Combinatorial puzzle reminiscent of knapsack problem. Is this classic?

Yes, it's a "classic problem" in pigeonhole principle for olympiad problems.

Proof by contradiction. Suppose not. Without loss of generality, $ \sum a_i > \sum b_i $.

Define $f(k)$ to be the smallest value $j$ such that

$$ \sum_{i=1}^j a_i > \sum_{i=1}^k b_i$$

Note that the difference between these partial sums $ \sum_{i=1}^{f(k)} a_i - \sum_{i=1}^k b_i $ is in the set $\{1, 2, \ldots , n-1\}$, since it is not 0, and it is capped by $a_j-1$. (Use the fact that $ \sum_{i=1}^{j-1} a_i < \sum_{i=1}^k b_i$)

By pigeonhole principle, since there are $n$ differences but only $n-1$ possibilities, thus there exists 2 differences that are identical. IE

$$ \sum_{i=1}^{f(k)} a_i - \sum_{i=1}^k b_i = \sum_{i=1}^{f(l)} a_i - \sum_{i=1}^l b_i $$

Now, take the differences of the partial sums, and they will have the same sum. IE (with $k>l$)

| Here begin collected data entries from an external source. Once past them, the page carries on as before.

(* Let $k$ be a field and $Q,q\in k^\times$ with $f_d(Q,q)=\prod_{i=1-d}^{d-1}(Q^{-2}+q^{2i})\neq0$. For each sign $\pm$, the square formed by the quotient maps $\otimes^d\to S^d$, $\otimes^d\to\otimes^d_\pm$, $\otimes^d_\pm\to S^d_\pm$ and the induced map $p_\pm:S^d\to S^d_\pm$ is a pushout; likewise the square with $\wedge^d$ and $\wedge^d_\pm$ in place of $S^d$ and $S^d_\pm$ is a pushout.
   Context: $\mathcal H^B_{Q,q}(d)$ is generated by $T_0,\dots,T_{d-1}$ with relations $(T_0+Q)(T_0-Q^{-1})=0$; $(T_i+q)(T_i-q^{-1})=0$ ($i>0$); $T_iT_{i+1}T_i=T_{i+1}T_iT_{i+1}$ ($i>0$); $T_0T_1T_0T_1=T_1T_0T_1T_0$; $T_iT_j=T_jT_i$ ($|i-j|>1$); $K_i=T_{i-1}\cdots T_1T_0T_1\cdots T_{i-1}$. $V_n$ has basis $v_i$, $i\in\mathbb I_n$ ($\mathbb I_{2s}=\{-\tfrac{2s-1}{2},\dots,\tfrac{2s-1}{2}\}$ half-integers, $\mathbb I_{2s+1}=\{-s,\dots,s\}$); the right action on $V_n^{\otimes d}$: $T_i$ ($i>0$) on factors $i,i+1$ by $R_q$: $v_i\otimes v_j\mapsto q^{-1}v_i\otimes v_j$ ($i=j$), $v_j\otimes v_i$ ($i<j$), $v_j\otimes v_i+(q^{-1}-q)v_i\otimes v_j$ ($i>j$); $T_0$ on the first factor by $K_Q$: $v_i\mapsto Q^{-1}v_i$ ($i=0$), $v_{-i}$ ($i>0$), $v_{-i}+(Q^{-1}-Q)v_i$ ($i<0$). All functors are evaluated at $V_n$ and are functorial for $\mathrm{Hom}_{\mathcal H^B_{Q,q}(d)}(V_n^{\otimes d},V_m^{\otimes d})$. $\otimes^d(V_n)=V_n^{\otimes d}$; $S^dV_n=V_n^{\otimes d}/\mathrm{span}\{(T_i-q^{-1})w: i>0\}$; $\wedge^dV_n=V_n^{\otimes d}/\mathrm{span}\{(T_i+q)w:i>0\}$; $S^d_+V_n=V_n^{\otimes d}/\mathrm{span}\{(T_0-Q^{-1})w,(T_i-q^{-1})w\}$; $S^d_-V_n=V_n^{\otimes d}/\mathrm{span}\{(T_0+Q)w,(T_i-q^{-1})w\}$; $\wedge^d_+V_n=V_n^{\otimes d}/\mathrm{span}\{(T_0-Q^{-1})w,(T_i+q)w\}$; $\wedge^d_-V_n=V_n^{\otimes d}/\mathrm{span}\{(T_0+Q)w,(T_i+q)w\}$ ($w\in V_n^{\otimes d}$, $i>0$). Eigenvalues of $K_i$ are of the form $Q^{-1}q^{2j}$ (''positive'') or $-Qq^{2j}$ (''negative''), disjoint when $f_d(Q,q)\ne0$; $\otimes^d_+$ is the largest quotient of $\otimes^d$ on which each $K_i$ has only positive eigenvalues and $\otimes^d_-$ the direct summand on which each $K_i$ has only negative eigenvalues, viewed as a quotient of $\otimes^d$ via the projection. *)

From HB Require Import structures.
From mathcomp Require Import all_boot all_order all_algebra.
Set Implicit Arguments.
Unset Strict Implicit.
Unset Printing Implicit Defensive.
Import GRing.Theory.
Local Open Scope ring_scope.

(* Conventions.
   - The basis index set I_n of V_n is modelled by 'I_n: the ordinal a
     stands for the label a - (n-1)/2.  Hence order is preserved, the label
     is 0 iff 2a = n-1, positive iff 2a > n-1, and negation of labels is
     rev_ord.
   - The basis of V_n^{(x)d} is indexed by tbasis n d = {ffun 'I_d -> 'I_n}
     (position j : 'I_d is the (j+1)-st tensor factor); vectors of
     V_n^{(x)d} are row vectors 'rV[k]_#|tbasis n d| (coordinates indexed via
     enum_val/enum_rank), and the RIGHT action of h is w |-> w *m (matrix of h).
     Row x of the matrix of T_i is the image of the basis vector x.
   - Generator T_i (0 <= i < d) is indexed by i : 'I_d.
   - Subspaces of V_n^{(x)d} are row spaces of matrices (mxalgebra, %MS). *)

Section Defs.
Variables (k : fieldType) (Q q : k) (n d : nat).

Definition tbasis := {ffun 'I_d -> 'I_n}.

Definition prev_ord (i : 'I_d) : 'I_d :=
  Ordinal (leq_ltn_trans (leq_pred i) (ltn_ord i)).

Definition Tcoef (i : 'I_d) (x y : tbasis) : k :=
  if val i == 0%N then
    (* K_Q on the first tensor factor *)
    let a := x i in
    let fl : tbasis := [ffun j => if j == i then rev_ord a else x j] in
    if a.*2 == n.-1 then Q^-1 *+ (y == x)
    else if (n.-1 < a.*2)%N then (y == fl)%:R
    else (y == fl)%:R + (Q^-1 - Q) *+ (y == x)
  else
    (* R_q on tensor factors i, i+1 (1-based), i.e. positions i-1, i *)
    let p := prev_ord i in
    let a := x p in
    let b := x i in
    let sw : tbasis := [ffun j => if j == p then b else if j == i then a else x j] in
    if a == b then q^-1 *+ (y == x)
    else (y == sw)%:R + (if (b < a)%N then (q^-1 - q) *+ (y == x) else 0).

$$ \sum_{i=f(l) + 1}^{f(k)} a_i = \sum_{i=l+1}^k b_i $$


This also proves the observation that it is sufficient to consider subintervals.

This also shows why the condition of $1 \leq a_i \leq n$ is the best possible, with obvious counterexamples if we relax the condition further.

Putnam 1993 has a similar problem, with a similar solution that you are welcome to find.

Let $x_1, \ldots , x_{19}$ be positive integers less than or equal to 93. Let $y_1, \ldots , y_{93}$ be positive integers less than or equal to 19. Prove that there exists a (nonempty) sum of some $x_i$’s equal to a sum of some $y_i$’s.